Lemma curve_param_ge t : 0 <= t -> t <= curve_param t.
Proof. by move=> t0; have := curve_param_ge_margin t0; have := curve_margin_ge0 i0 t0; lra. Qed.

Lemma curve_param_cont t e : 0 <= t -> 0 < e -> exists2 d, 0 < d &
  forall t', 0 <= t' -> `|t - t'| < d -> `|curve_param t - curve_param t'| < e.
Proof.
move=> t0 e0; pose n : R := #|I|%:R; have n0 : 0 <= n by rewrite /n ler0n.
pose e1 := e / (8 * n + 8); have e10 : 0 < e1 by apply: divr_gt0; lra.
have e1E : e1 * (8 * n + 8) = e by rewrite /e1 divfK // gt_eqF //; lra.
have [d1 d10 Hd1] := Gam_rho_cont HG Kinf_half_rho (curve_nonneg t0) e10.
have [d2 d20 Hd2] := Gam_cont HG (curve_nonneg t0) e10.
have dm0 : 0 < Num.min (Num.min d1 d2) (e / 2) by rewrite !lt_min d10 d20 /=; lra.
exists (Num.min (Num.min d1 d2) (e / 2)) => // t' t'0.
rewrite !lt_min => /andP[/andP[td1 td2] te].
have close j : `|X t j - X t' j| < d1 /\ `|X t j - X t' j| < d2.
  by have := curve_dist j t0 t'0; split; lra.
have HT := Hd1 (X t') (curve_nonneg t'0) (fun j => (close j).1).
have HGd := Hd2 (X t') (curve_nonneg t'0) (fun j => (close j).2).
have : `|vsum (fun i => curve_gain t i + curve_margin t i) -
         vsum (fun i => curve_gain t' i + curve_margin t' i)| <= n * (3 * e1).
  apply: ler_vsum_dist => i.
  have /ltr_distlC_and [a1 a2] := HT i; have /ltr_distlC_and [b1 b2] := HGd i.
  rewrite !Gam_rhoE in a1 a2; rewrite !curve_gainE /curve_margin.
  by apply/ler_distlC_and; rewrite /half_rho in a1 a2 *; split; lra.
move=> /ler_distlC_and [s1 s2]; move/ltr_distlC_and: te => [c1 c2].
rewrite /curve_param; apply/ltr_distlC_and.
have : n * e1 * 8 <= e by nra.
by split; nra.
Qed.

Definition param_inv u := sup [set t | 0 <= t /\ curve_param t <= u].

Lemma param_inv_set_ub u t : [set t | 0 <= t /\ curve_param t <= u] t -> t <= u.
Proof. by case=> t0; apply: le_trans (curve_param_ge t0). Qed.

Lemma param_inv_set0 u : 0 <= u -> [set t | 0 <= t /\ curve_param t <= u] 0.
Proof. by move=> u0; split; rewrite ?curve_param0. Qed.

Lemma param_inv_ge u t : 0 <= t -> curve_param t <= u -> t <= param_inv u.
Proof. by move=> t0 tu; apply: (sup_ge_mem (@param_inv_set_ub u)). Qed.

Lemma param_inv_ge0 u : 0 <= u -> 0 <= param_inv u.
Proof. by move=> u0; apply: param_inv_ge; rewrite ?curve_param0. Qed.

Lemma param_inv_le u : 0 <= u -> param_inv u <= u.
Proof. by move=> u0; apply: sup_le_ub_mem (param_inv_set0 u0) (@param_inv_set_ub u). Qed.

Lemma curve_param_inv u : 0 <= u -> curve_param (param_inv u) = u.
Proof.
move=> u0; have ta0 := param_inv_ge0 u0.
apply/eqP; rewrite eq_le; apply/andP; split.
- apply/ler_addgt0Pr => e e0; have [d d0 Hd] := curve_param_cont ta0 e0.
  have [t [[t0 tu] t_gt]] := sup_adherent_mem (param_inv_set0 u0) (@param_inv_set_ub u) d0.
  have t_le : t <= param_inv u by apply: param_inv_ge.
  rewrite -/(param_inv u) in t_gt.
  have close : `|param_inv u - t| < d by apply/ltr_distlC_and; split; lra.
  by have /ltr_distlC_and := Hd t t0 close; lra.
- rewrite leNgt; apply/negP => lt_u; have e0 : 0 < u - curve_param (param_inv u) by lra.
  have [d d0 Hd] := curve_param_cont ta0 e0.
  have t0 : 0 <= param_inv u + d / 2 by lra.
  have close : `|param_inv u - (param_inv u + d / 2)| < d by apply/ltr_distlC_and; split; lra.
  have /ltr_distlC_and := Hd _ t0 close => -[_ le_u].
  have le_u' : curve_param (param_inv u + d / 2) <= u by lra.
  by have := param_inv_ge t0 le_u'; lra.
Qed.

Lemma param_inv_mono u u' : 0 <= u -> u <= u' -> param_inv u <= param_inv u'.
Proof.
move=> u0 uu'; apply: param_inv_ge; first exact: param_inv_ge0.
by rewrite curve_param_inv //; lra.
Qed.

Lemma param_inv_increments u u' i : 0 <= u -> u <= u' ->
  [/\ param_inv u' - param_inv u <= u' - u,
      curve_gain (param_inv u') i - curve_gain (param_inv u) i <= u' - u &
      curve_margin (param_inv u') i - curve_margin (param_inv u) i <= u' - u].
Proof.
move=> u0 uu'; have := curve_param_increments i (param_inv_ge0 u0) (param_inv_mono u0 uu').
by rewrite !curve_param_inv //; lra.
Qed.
* * *
The range runs from the line above containing "apply: ler_vsum_dist => i." to the line containing "t| < d by apply/ltr_distlC_and; split; lra.", inclusive. Restate those lines word for word and no others.

▸ **Solution for this exercise**:
  apply: ler_vsum_dist => i.
  have /ltr_distlC_and [a1 a2] := HT i; have /ltr_distlC_and [b1 b2] := HGd i.
  rewrite !Gam_rhoE in a1 a2; rewrite !curve_gainE /curve_margin.
  by apply/ler_distlC_and; rewrite /half_rho in a1 a2 *; split; lra.
move=> /ler_distlC_and [s1 s2]; move/ltr_distlC_and: te => [c1 c2].
rewrite /curve_param; apply/ltr_distlC_and.
have : n * e1 * 8 <= e by nra.
by split; nra.
Qed.

Definition param_inv u := sup [set t | 0 <= t /\ curve_param t <= u].

Lemma param_inv_set_ub u t : [set t | 0 <= t /\ curve_param t <= u] t -> t <= u.
Proof. by case=> t0; apply: le_trans (curve_param_ge t0). Qed.

Lemma param_inv_set0 u : 0 <= u -> [set t | 0 <= t /\ curve_param t <= u] 0.
Proof. by move=> u0; split; rewrite ?curve_param0. Qed.

Lemma param_inv_ge u t : 0 <= t -> curve_param t <= u -> t <= param_inv u.
Proof. by move=> t0 tu; apply: (sup_ge_mem (@param_inv_set_ub u)). Qed.

Lemma param_inv_ge0 u : 0 <= u -> 0 <= param_inv u.
Proof. by move=> u0; apply: param_inv_ge; rewrite ?curve_param0. Qed.

Lemma param_inv_le u : 0 <= u -> param_inv u <= u.
Proof. by move=> u0; apply: sup_le_ub_mem (param_inv_set0 u0) (@param_inv_set_ub u). Qed.

Lemma curve_param_inv u : 0 <= u -> curve_param (param_inv u) = u.
Proof.
move=> u0; have ta0 := param_inv_ge0 u0.
apply/eqP; rewrite eq_le; apply/andP; split.
- apply/ler_addgt0Pr => e e0; have [d d0 Hd] := curve_param_cont ta0 e0.
  have [t [[t0 tu] t_gt]] := sup_adherent_mem (param_inv_set0 u0) (@param_inv_set_ub u) d0.
  have t_le : t <= param_inv u by apply: param_inv_ge.
  rewrite -/(param_inv u) in t_gt.
  have close : `|param_inv u - t| < d by apply/ltr_distlC_and; split; lra.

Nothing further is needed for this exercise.